In the second chapter of his superb book, From Art To Landscape: Unleashing Creativity in Garden Design, W. Gary Smith discusses the benefits of building a visual vocabulary.  A large part of the book is about training yourself to see. In Chapter 2 he discusses the shapes, forms and patterns that have come together in his own work, “over years of observation and reflection”. He asks, can the world be broken down to the circle, triangle and square? Or in a three-dimensional format: the sphere, the cone and the cube? Smith thinks it is an extremely valuable approach to learn to do what artists who create abstract art do, which is pare a subject down to it’s essence—its essential form.

Technically abstract art, or abstraction, is something that doesn’t exist in the natural world. It is non-representational and non- objective. In painting, for instance, a subject is represented by color and form.

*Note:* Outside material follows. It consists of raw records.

(* $V^{\otimes3}=[\omega_0,V]\oplus(V\otimes Q)$.
   Context: $\mathbb{K}$ is a field of characteristic zero and $V$ a symplectic $\mathbb{K}$-vector space of dimension $2g$ with symplectic basis $a_1,\ldots,a_g,b_1,\ldots,b_g$; $\omega_0=\sum_{i=1}^g(a_i\otimes b_i-b_i\otimes a_i)\in V^{\otimes2}$. $C\colon V^{\otimes2}\to\mathbb{K}$ is the pairing given by the symplectic form, $C(a_i\otimes b_j)=\delta_{ij}$, $C(b_i\otimes a_j)=-\delta_{ij}$, $C(a_i\otimes a_j)=C(b_i\otimes b_j)=0$, and $Q=\ker C$. $[\omega_0,V]=\{\omega_0 v-v\omega_0: v\in V\}\subset V^{\otimes3}$ (products in the tensor algebra). *)

(* Coordinate model of the symplectic space V = K^(2g)
   with symplectic basis a_i = e_(lshift g i), b_i = e_(rshift g i). *)
From mathcomp Require Import all_boot all_algebra.
Set Implicit Arguments. Unset Strict Implicit. Unset Printing Implicit Defensive.
Import GRing.Theory.
Local Open Scope ring_scope.

Section Tensors.
Variables (K : fieldType) (g : nat).
Notation n := (g + g)%N.

Definition Vsp := {ffun 'I_n -> K}.
Definition V2 := {ffun 'I_n * 'I_n -> K}.
Definition V3 := {ffun 'I_n * 'I_n * 'I_n -> K}.

Definition aidx (i : 'I_g) : 'I_n := lshift g i.
Definition bidx (i : 'I_g) : 'I_n := rshift g i.
Definition evec (x : 'I_n) : Vsp := [ffun y => (y == x)%:R].

Definition tens11 (v w : Vsp) : V2 := [ffun p => v p.1 * w p.2].
Definition tens12 (v : Vsp) (w : V2) : V3 :=
  [ffun t => v t.1.1 * w (t.1.2, t.2)].
Definition tens21 (w : V2) (v : Vsp) : V3 :=
  [ffun t => w (t.1.1, t.1.2) * v t.2].

Definition omega0 : V2 :=
  \sum_(i < g) (tens11 (evec (aidx i)) (evec (bidx i))
               - tens11 (evec (bidx i)) (evec (aidx i))).

(* the contraction C : V^{(x)2} -> K, linear extension of
   C(a_i b_j) = delta_ij, C(b_i a_j) = - delta_ij, C(a a) = C(b b) = 0 *)
Definition Cpair (w : V2) : K :=
  \sum_(i < g) (w (aidx i, bidx i) - w (bidx i, aidx i)).

Definition inQ (w : V2) : Prop := Cpair w = 0.

Definition in_bracket (t : V3) : Prop :=
  exists v : Vsp, t = tens21 omega0 v - tens12 v omega0.

Definition in_VQ (t : V3) : Prop :=
  exists s : seq (Vsp * V2),
    (forall p, p \in s -> inQ p.2) /\ t = \sum_(p <- s) tens12 p.1 p.2.

End Tensors.

(* Contracting the last two tensor factors with C gives a linear map
   c : V^(x)3 -> V whose kernel is exactly V (x) Q.  On the bracket it acts
   as a scalar: c (omega_0 v - v omega_0) = -(2g + 1) v, because contracting
   omega_0 against v returns -v while C(omega_0) = 2g.  In characteristic
   zero 2g + 1 is invertible, so w := [omega_0, -(2g + 1)^-1 c t] satisfies
   c (t - w) = 0, and a bracket lying in V (x) Q is the bracket of 0. *)
From HB Require Import structures.
From mathcomp Require Import all_boot all_algebra.
Import GRing.Theory.
Local Open Scope ring_scope.

Lemma sum_delta (R : pzSemiRingType) (n : nat) (i : 'I_n) (F : 'I_n -> R) :
  \sum_(j < n) (i == j)%:R * F j = F i.
Proof.
rewrite (bigD1 i) //= eqxx mul1r big1 ?addr0 // => j.
by rewrite eq_sym => /negbTE->; rewrite mul0r.
Qed.

Section Contraction.
Variables (K : fieldType) (g : nat).

Lemma eq_aidx (i j : 'I_g) : (aidx i == aidx j) = (i == j).
Proof. by apply/eqP/eqP => [/(congr1 val)/=/val_inj|->]. Qed.

Lemma eq_bidx (i j : 'I_g) : (bidx i == bidx j) = (i == j).
Proof. by apply/eqP/eqP => [/(congr1 val)/=/addnI/val_inj|->]. Qed.

Lemma eq_aidx_bidx (i j : 'I_g) : (aidx i == bidx j) = false.
Proof.
apply/eqP => /(congr1 val) /= ij.
by have := ltn_ord i; rewrite ij ltnNge leq_addr.
Qed.

Lemma eq_bidx_aidx (i j : 'I_g) : (bidx i == aidx j) = false.
Proof. by rewrite eq_sym eq_aidx_bidx. Qed.

Lemma aidx_or_bidx (x : 'I_(g + g)) :
  (exists k, x = aidx k) \/ (exists k, x = bidx k).
Proof. by have [k xk|k xk] := splitP x; [left|right]; exists k; apply/val_inj. Qed.

Lemma omega0E x y : omega0 K g (x, y) =
  \sum_(i < g) ((x == aidx i)%:R * (y == bidx i)%:R
              - (x == bidx i)%:R * (y == aidx i)%:R).
Proof. by rewrite /omega0 sum_ffunE; apply: eq_bigr => i _; rewrite !ffunE. Qed.

Lemma omega0_ab k l : omega0 K g (aidx k, bidx l) = (k == l)%:R.
Proof.
rewrite omega0E; under eq_bigr do rewrite !eq_aidx !eq_bidx eq_aidx_bidx mul0r subr0.
by rewrite sum_delta eq_sym.
Qed.

Lemma omega0_ba k l : omega0 K g (bidx k, aidx l) = - (k == l)%:R.
Proof.
rewrite omega0E; under eq_bigr do rewrite !eq_aidx !eq_bidx eq_bidx_aidx mul0r sub0r.
by rewrite sumrN sum_delta eq_sym.
Qed.

Lemma omega0_aa k l : omega0 K g (aidx k, aidx l) = 0.
Proof. by rewrite omega0E big1 // => i _; rewrite !eq_aidx_bidx mulr0 mul0r subrr. Qed.

Lemma omega0_bb k l : omega0 K g (bidx k, bidx l) = 0.
Proof. by rewrite omega0E big1 // => i _; rewrite !eq_bidx_aidx mulr0 mul0r subrr. Qed.

Lemma Cpair_omega0 : Cpair (omega0 K g) = (g + g)%:R.
Proof.
rewrite /Cpair (eq_bigr (fun _ => 1 + 1)) => [|i _]; last first.
  by rewrite omega0_ab omega0_ba eqxx opprK.
by rewrite big_split /= sumr_const card_ord natrD.
Qed.

Definition contract23 (t : V3 K g) : Vsp K g :=
  [ffun x => Cpair [ffun p : 'I_(g + g) * 'I_(g + g) => t (x, p.1, p.2)]].

Lemma contract23_is_zmod_morphism : zmod_morphism contract23.
Proof.
move=> t1 t2; apply/ffunP => x; rewrite !ffunE /Cpair -sumrB.
by apply: eq_bigr => i _; rewrite !ffunE /= !opprD addrACA.
Qed.

HB.instance Definition _ :=
  GRing.isZmodMorphism.Build (V3 K g) (Vsp K g) contract23
    contract23_is_zmod_morphism.

Lemma contract23_tens12 v w : contract23 (tens12 v w) = [ffun x => v x * Cpair w].
Proof.
apply/ffunP => x; rewrite !ffunE /Cpair mulr_sumr.
by apply: eq_bigr => i _; rewrite !ffunE /= mulrBr.
Qed.

Lemma contract23_omega0_tens21 v : contract23 (tens21 (omega0 K g) v) = - v.
Proof.
apply/ffunP => x; rewrite !ffunE /Cpair; case: (aidx_or_bidx x) => -[k ->].
  under eq_bigr do rewrite !ffunE /= omega0_aa omega0_ab mul0r sub0r.
  by rewrite sumrN sum_delta.
under eq_bigr do rewrite !ffunE /= omega0_bb omega0_ba mul0r subr0 mulNr.
by rewrite sumrN sum_delta.
Qed.

Definition bracket_omega0 (v : Vsp K g) : V3 K g :=
  tens21 (omega0 K g) v - tens12 v (omega0 K g).

Lemma contract23_bracket v :
  contract23 (bracket_omega0 v) = [ffun x => - (1 + (g + g)%:R) * v x].
Proof.
rewrite raddfB /= contract23_omega0_tens21 contract23_tens12 Cpair_omega0.
by apply/ffunP => x; rewrite !ffunE mulrC mulNr mulrDl mul1r opprD.
Qed.

Lemma bracket_omega0_0 : bracket_omega0 0 = 0.
Proof. by apply/ffunP => t; rewrite !ffunE /= mulr0 mul0r subrr. Qed.

Lemma in_VQ_contract23_eq0 t : in_VQ t <-> contract23 t = 0.
Proof.
split=> [[s [sQ ->]]|t0].
  rewrite raddf_sum /=; apply/ffunP => x; rewrite sum_ffunE ffunE.
  by rewrite big1_seq // => p ps; rewrite contract23_tens12 ffunE (sQ p ps) mulr0.
exists [seq (evec K x, [ffun p : 'I_(g + g) * 'I_(g + g) => t (x, p.1, p.2)])
       | x <- enum 'I_(g + g)]; split.
  by move=> _ /mapP[x _ ->]; move/ffunP/(_ x): t0; rewrite !ffunE.
rewrite big_map big_enum /=; apply/ffunP => -[[x y] z].
rewrite sum_ffunE (bigD1 x) //= big1 ?addr0 => [|j /negbTE jx].
  by rewrite !ffunE /= eqxx mul1r.
by rewrite !ffunE /= eq_sym jx mul0r.
Qed.

End Contraction.

Arguments contract23 {K g}.
Arguments bracket_omega0 {K g}.

Theorem lemma5p1 (K : fieldType) (g : nat) (charK : [pchar K] =i pred0) :
  (forall t : V3 K g, exists w u : V3 K g,
      in_bracket w /\ in_VQ u /\ t = w + u) /\
  (forall t : V3 K g, in_bracket t -> in_VQ t -> t = 0).
Proof.
set c : K := 1 + (g + g)%:R.
have c_neq0 : c != 0 by move/pcharf0P: charK => char0; rewrite /c nat1r char0.
split=> [t|t [v ->] /in_VQ_contract23_eq0].
  pose w := bracket_omega0 [ffun x => - c^-1 * contract23 t x].
  exists w, (t - w); split; first by eexists.
  split; last by rewrite addrC subrK.
  apply/in_VQ_contract23_eq0; rewrite raddfB /= contract23_bracket.
  by apply/ffunP => x; rewrite !ffunE mulrA mulrNN mulfV // mul1r subrr.
rewrite contract23_bracket => /ffunP contract0.
suff -> : v = 0 by exact: bracket_omega0_0.
apply/ffunP => x; move/eqP: (contract0 x); rewrite !ffunE.
by rewrite mulf_eq0 oppr_eq0 (negbTE c_neq0) => /eqP.
Qed.
Lemma v_bword_comm_hi a k r : 1 <= a < k -> k <= n.-1 ->
  gV k :: bword a ++ r ~ bword a ++ gV k :: r.
Proof.
elim: a r => [|a IHa] r // a_range k_le.
have [->|a_gt0] := posnP a; first by rewrite bword1 /= G_bv.
by rewrite !(bwordS a) //= (G_vcomm k a) // IHa // (G_vcomm k a).
Qed.

Lemma v_bword_comm_lo k a r : 1 <= k -> k.+2 <= a <= n ->
  gV k :: bword a ++ r ~ bword a ++ gV k :: r.
Proof.
elim: a r => [|a IHa] r // k_ge1 a_range.
case: (ltngtP a k.+1) => [|k_lt_a|a_eq]; first by lia.
  by rewrite !(bwordS a) //= (G_vcomm k a) // IHa // (G_vcomm k a).
subst a; rewrite !(bwordS k.+1) //= !(bwordS k) //= (G_vbraid k) //.
by rewrite (v_bword_comm_hi k k.+1) // (G_vbraid k).
Qed.

Lemma bword_comm i j r : 1 <= i < j -> j <= n ->
  bword i ++ bword j ++ r ~ bword j ++ bword i ++ r.
Proof.
elim: i j r => [|i IHi] j r // i_range j_le.
have adjacent r' : i.+2 <= n -> bword i.+1 ++ bword i.+2 ++ r' ~ bword i.+2 ++ bword i.+1 ++ r'.
  move=> i_lt; have [->|i_gt0] := posnP i.
    exact: (pres_eq_rel_cat (gB :: gvbv) (gvbv ++ [:: gB]) r' (g_r3 n)).
  rewrite !(bwordS i) //= (v_bword_comm_lo i i.+2) // IHi //.
  by rewrite -(v_bword_comm_lo i i.+2).
elim: j r i_range j_le => [|j IHj] r // i_range j_le.
case: (ltngtP j i.+1) => [|i_lt_j|->]; [by lia| |exact: adjacent].
rewrite !(bwordS j) //= -(v_bword_comm_hi i.+1 j) // IHj //.
by rewrite (v_bword_comm_hi i.+1 j).
Qed.

Lemma c_cword_comm j r : 3 <= j <= n.-1 -> gC :: cword j ++ r ~ cword j ++ gC :: r.
Proof.
elim: j r => [|j IHj] r // j_range.
case: (ltngtP j 2) => [|j_gt2|->]; first by lia.
  rewrite !(cwordS j) //= (G_cv j) // (G_cv j.+1) // IHj //.
  by rewrite (G_cv j.+1) // (G_cv j).
have cword3_gX r' : cword 3 ++ r' ~ gX ++ r'.
  by rewrite /cword /= (G_vcomm 1 3) // (G_vcomm 1 3 (gV 2 :: r')).
by rewrite !cword3_gX; apply: (pres_eq_rel_cat (gC :: gX) (gX ++ [:: gC]) r (g_r2 n)).
Qed.

Lemma cword_comm i j r : 1 <= i -> i.+2 <= j <= n.-1 ->
  cword i ++ cword j ++ r ~ cword j ++ cword i ++ r.
Proof.
elim: i j r => [|i IHi] j r // i_ge1 j_range.
have [->|i_gt0] := posnP i; first by rewrite cword1 /= c_cword_comm.
rewrite !(cwordS i) //= (v_cword_comm_lo i j) // (v_cword_comm_lo i.+1 j) // IHi //.
by rewrite (v_cword_comm_lo i.+1 j) // (v_cword_comm_lo i j).
Qed.

Lemma cword_braid i r : 1 <= i <= n.-2 ->
  cword i ++ cword i.+1 ++ cword i ++ r ~ cword i.+1 ++ cword i ++ cword i.+1 ++ r.
Proof.
elim: i r => [|i IHi] r // i_range.
have [->|i_gt0] := posnP i.
  rewrite /cword /=; transitivity (gV 1 :: (gvcv 1 ++ gvcv 2 ++ gvcv 1) ++ gV 1 :: r).
    by rewrite /= (G_vv 1 r) // (G_vv 1).
  by rewrite (pres_eq_rel_cat _ _ (gV 1 :: r) (g_r1 n)).
(* Conjugation by v_i v_(i+1) v_(i+2) maps c_(i+1), c_(i+2) to c_i, c_(i+1). *)
set w := [:: gV i; gV i.+1; gV i.+2].
have pull_lo r' : cword i.+1 ++ w ++ r' ~ w ++ cword i ++ r'.
  by rewrite (cwordS i) //= (G_vv i) // (G_vv i.+1) // -(v_cword_comm_hi i i.+2).
have pull_hi r' : cword i.+2 ++ w ++ r' ~ w ++ cword i.+1 ++ r'.
  rewrite -(v_cword_comm_lo i i.+2) // (cwordS i.+1) //=.
  by rewrite (G_vv i.+1) // (G_vv i.+2).
have insert_w X Y Z : X ++ Y ++ Z ++ r ~ X ++ Y ++ Z ++ w ++ rev w ++ r.
  by rewrite /= (G_vv i.+2) // (G_vv i.+1) // (G_vv i).
rewrite (insert_w (cword i.+1)) (insert_w (cword i.+2)).
by rewrite pull_lo pull_hi pull_lo pull_hi pull_lo pull_hi IHi.
Qed.

Lemma bbcbb_cword i r : 1 <= i <= n.-1 ->
  bword i ++ bword i.+1 ++ cword i ++ bword i.+1 ++ bword i ++ r ~ gV i :: cword i ++ gV i :: r.
Proof.
elim: i r => [|i IHi] r // i_range.
have [->|i_gt0] := posnP i.
  rewrite (bword_comm 1 2 (cword 1 ++ _)) // -(bword_comm 1 2 r) //.
  exact: (pres_eq_rel_cat (gvbv ++ [:: gB; gC; gB] ++ gvbv) (gvcv 1) r (g_r5 n)).
(* Conjugation by v_i v_(i+1) lowers the index of each of b_(i+1), b_(i+2), c_(i+1). *)
have pull_c r' : cword i.+1 ++ gV i :: gV i.+1 :: r' ~ gV i :: gV i.+1 :: cword i ++ r'.
  by rewrite (cwordS i) //= (G_vv i) // (G_vv i.+1).
have pull_b r' : bword i.+1 ++ gV i :: gV i.+1 :: r' ~ gV i :: gV i.+1 :: bword i ++ r'.
  by rewrite (bwordS i) //= (G_vv i) // -(v_bword_comm_hi i i.+1).
have pull_b' r' : bword i.+2 ++ gV i :: gV i.+1 :: r' ~ gV i :: gV i.+1 :: bword i.+1 ++ r'.
  by rewrite -(v_bword_comm_lo i i.+2) // (bwordS i.+1) //= (G_vv i.+1).
have insert_vv : r ~ [:: gV i, gV i.+1, gV i.+1, gV i & r].
  by rewrite (G_vv i.+1) // (G_vv i).
rewrite insert_vv pull_b pull_b' pull_c pull_b' pull_b -(G_vbraid i) // pull_c.
by rewrite -(G_vbraid i) // IHi.
Qed.

Lemma b_cword_comm j r : 2 <= j <= n.-1 -> gB :: cword j ++ r ~ cword j ++ gB :: r.
Proof.
elim: j r => [|j IHj] r // j_range.
case: (ltngtP j 1) => [|j_gt1|->]; first by lia.
  rewrite !(cwordS j) //= (G_bv j) // (G_bv j.+1) // IHj //.
  by rewrite (G_bv j.+1) // (G_bv j).
rewrite /cword /=; transitivity (gV 1 :: gV 2 :: (gY ++ [:: gC]) ++ gV 2 :: gV 1 :: r).
  by rewrite /= (G_vv 2 (gV 1 :: gB :: _)) // (G_vv 1 (gB :: _)).
rewrite -(pres_eq_rel_cat _ _ (gV 2 :: gV 1 :: r) (g_r4 n)) /=.
by rewrite (G_vv 2 (gV 1 :: r)) // (G_vv 1 r).
Qed.

Lemma bword_cword_comm_lo i j r : 1 <= i < j -> j <= n.-1 ->
  bword i ++ cword j ++ r ~ cword j ++ bword i ++ r.
Proof.
elim: i j r => [|i IHi] j r // i_range j_le.
have [->|i_gt0] := posnP i; first by rewrite bword1 /= b_cword_comm.
rewrite !(bwordS i) //= (v_cword_comm_lo i j) // IHi //.
by rewrite (v_cword_comm_lo i j).
Qed.

Lemma bword_c_comm i r : 3 <= i <= n -> bword i ++ gC :: r ~ gC :: bword i ++ r.
Proof.
elim: i r => [|i IHi] r // i_range.
case: (ltngtP i 2) => [|i_gt2|->]; first by lia.
  by rewrite !(bwordS i) //= (G_cv i) // -IHi // -(G_cv i).
symmetry; exact: (pres_eq_rel_cat (gC :: gY) (gY ++ [:: gC]) r (g_r4 n)).
Qed.

Lemma bword_cword_comm_hi i j r : 1 <= j -> j.+2 <= i <= n ->
  bword i ++ cword j ++ r ~ cword j ++ bword i ++ r.
Proof.
elim: j i r => [|j IHj] i r // j_ge1 i_range.
have [->|j_gt0] := posnP j; first by rewrite cword1 /= bword_c_comm.
rewrite !(cwordS j) // -(v_bword_comm_lo j i) // -(v_bword_comm_lo j.+1 i) // IHj //.
by rewrite -(v_bword_comm_lo j.+1 i) // -(v_bword_comm_lo j i).
Qed.

Lemma v_cword_conj i r : 1 <= i <= n.-2 ->
  gV i :: cword i.+1 ++ gV i :: r ~ gV i.+1 :: cword i ++ gV i.+1 :: r.
Proof. by move=> i_range; rewrite (cwordS i) // (G_vv i) // (G_vv i r). Qed.

Lemma bword_v_shift i r : 1 <= i <= n.-1 -> bword i ++ gV i :: r ~ gV i :: bword i.+1 ++ r.
Proof. by move=> i_range; rewrite (bwordS i) //= (G_vv i). Qed.

End GRelations.

Section Psi.
Variables (n : nat) (n_gt1 : 1 < n).

Lemma psi_c i : 1 <= i <= n.-1 -> psi n (FTc i) = cword i.
Proof. by move=> i_range /=; case: eqP => [-> // | i_ne1]; rewrite ifT. Qed.

Lemma psi_c_out i : ~~ (1 <= i <= n.-1) -> psi n (FTc i) = [::].
Proof. by move=> i_out; rewrite /= !ifF //; apply/negbTE; lia. Qed.

Lemma psi_b i : 1 <= i <= n -> psi n (FTb i) = bword i.
Proof. by move=> i_range /=; case: eqP => [-> // | i_ne1]; rewrite ifT. Qed.

Lemma psi_b_out i : ~~ (1 <= i <= n) -> psi n (FTb i) = [::].
Proof. by move=> i_out; rewrite /= !ifF //; apply/negbTE; lia. Qed.

Lemma psi_rel u w : FTrel n u w -> G_eq n (subst (psi n) u) (subst (psi n) w).
Proof.
case=> [i i_out|i i_out|i i_out|i ? |i j ? ? ?|i ?|i ?|i j ? ? ij|i ?|i j ? ? ij
       |i ?|i ?|i j ? ? ij|i j ? ? ij|i ?|i ?|i j ? ? ij]; rewrite !subst_ltr.
- by rewrite psi_c_out.
- by apply: pe_rel; constructor.
- by rewrite psi_b_out.
- by apply: pe_rel; constructor.
- by apply: pe_rel; constructor.
- by apply: pe_rel; constructor.
- by rewrite psi_b // bword_sq.
- by rewrite !psi_b //; case: (ltngtP i j) ij => // [i_lt_j|j_lt_i] _;
    [|symmetry]; apply: bword_comm.
- by rewrite !psi_b //= bword_v_shift.
- by rewrite psi_b //=; symmetry; case/orP: ij => ij; [apply: v_bword_comm_hi|apply: v_bword_comm_lo].
- by rewrite psi_c // cword_sq.
- by rewrite !psi_c // cword_braid.
- by rewrite !psi_c //; case/orP: ij => ij; [|symmetry]; apply: cword_comm.
- by rewrite psi_c //=; symmetry; case/orP: ij => ij; [apply: v_cword_comm_hi|apply: v_cword_comm_lo].
- by rewrite !psi_c //= v_cword_conj.
- by rewrite !psi_c // !psi_b //= bbcbb_cword.
- by rewrite psi_c // psi_b //; case/orP: ij => ij; [apply: bword_cword_comm_lo|apply: bword_cword_comm_hi].
Qed.

End Psi.

Section FTRelations.
Variables (n : nat) (n_ge4 : 4 <= n).
Local Notation "u ~ w" := (pres_eq (FTrel n) u w) (at level 70).

Lemma FT_vv i r : 1 <= i <= n.-1 -> fv i :: fv i :: r ~ r.
Proof. by move=> ?; apply: (pres_eq_rel_cat [:: fv i; fv i] [::] r); constructor. Qed.

Lemma FT_vcv i r : 1 <= i <= n.-2 ->
  fv i :: fc i.+1 :: fv i :: r ~ fv i.+1 :: fc i :: fv i.+1 :: r.
Proof.
by move=> ?; apply: (pres_eq_rel_cat [:: fv i; fc i.+1; fv i] [:: fv i.+1; fc i; fv i.+1] r); constructor.
Qed.

Lemma FT_bv i r : 1 <= i <= n.-1 -> fb i :: fv i :: r ~ fv i :: fb i.+1 :: r.
Proof. by move=> ?; apply: (pres_eq_rel_cat [:: fb i; fv i] [:: fv i; fb i.+1] r); constructor. Qed.

Lemma FT_bcomm i j r : 1 <= i <= n -> 1 <= j <= n -> i != j ->
  fb i :: fb j :: r ~ fb j :: fb i :: r.
Proof. by move=> *; apply: (pres_eq_rel_cat [:: fb i; fb j] [:: fb j; fb i] r); constructor. Qed.

Lemma FT_cbraid i r : 1 <= i <= n.-2 ->
  fc i :: fc i.+1 :: fc i :: r ~ fc i.+1 :: fc i :: fc i.+1 :: r.
Proof.
by move=> ?; apply: (pres_eq_rel_cat [:: fc i; fc i.+1; fc i] [:: fc i.+1; fc i; fc i.+1] r); constructor.
Qed.

Lemma FT_vcv_c i r : 1 <= i <= n.-2 ->
  fv i :: fv i.+1 :: fc i :: fv i.+1 :: fv i :: r ~ fc i.+1 :: r.
Proof. by move=> ?; rewrite -(FT_vcv i) // !FT_vv. Qed.

Lemma FT_vbv_b i r : 1 <= i <= n.-1 -> fv i :: fb i :: fv i :: r ~ fb i.+1 :: r.
Proof. by move=> ?; rewrite (FT_bv i) // FT_vv. Qed.

Lemma phi_rel u w : Grel n u w -> subst phi u ~ subst phi w.
Proof.
case=> [i|i|i j|i|j| | |j| | | | |] *; rewrite /subst /=; try by apply: pe_rel; constructor.
- by rewrite -!(FT_vcv 1) // !(FT_vv 1) // FT_cbraid.
- rewrite !(FT_vcv_c 1) // !(FT_vcv_c 2) //.
  by apply: (pres_eq_rel_cat [:: fc 1; fc 3] [:: fc 3; fc 1] [::]); constructor.
- rewrite !(FT_vbv_b 1) //.
  by apply: (pres_eq_rel_cat [:: fb 1; fb 2] [:: fb 2; fb 1] [::]); constructor.
- rewrite !(FT_vbv_b 1) // !(FT_vbv_b 2) //.
  by symmetry; apply: (pres_eq_rel_cat [:: fb 3; fc 1] [:: fc 1; fb 3] [::]); constructor.
- rewrite !(FT_vbv_b 1) // (FT_bcomm 2 1) // (FT_bcomm 1 2 [::]) //.
  by apply: (pres_eq_rel_cat [:: fb 1; fb 2; fc 1; fb 2; fb 1] [:: fv 1; fc 1; fv 1] [::]); constructor.
Qed.

Lemma phi_hom {u w} : G_eq n u w -> subst phi u ~ subst phi w.
Proof. exact: (subst_pres_eq phi phi_rel). Qed.

Lemma phi_cword i : 1 <= i <= n.-1 -> subst phi (cword i) ~ [:: fc i].
Proof.
elim: i => [|i IHi] // i_range; have [->|i_gt0] := posnP i; first by [].
have := phi_hom (cwordS n i [::] i_gt0 _); rewrite cats0 => -> //.
by rewrite !subst_ltr subst_cat IHi // /subst /= FT_vcv_c.
Qed.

My theory along these thought lines are that there are four or five shapes inherently true for each of us, shapes that we see again and again in the world and use in our work. If I look back over my 17 years of notebooks, flipping through them I will ultimately begin to discern four or five shapes that appear in my sketchbooks again and again. These are my shapes—shapes that are permanently part of my nature and essential shapes for me.  As an artist I’ve learned to pay attention to that and to use it.

In teaching drawing and studio classes, I talk to students about the need to build a visual vocabulary. This is also true of landscape designers who need a visual, tactile and living language.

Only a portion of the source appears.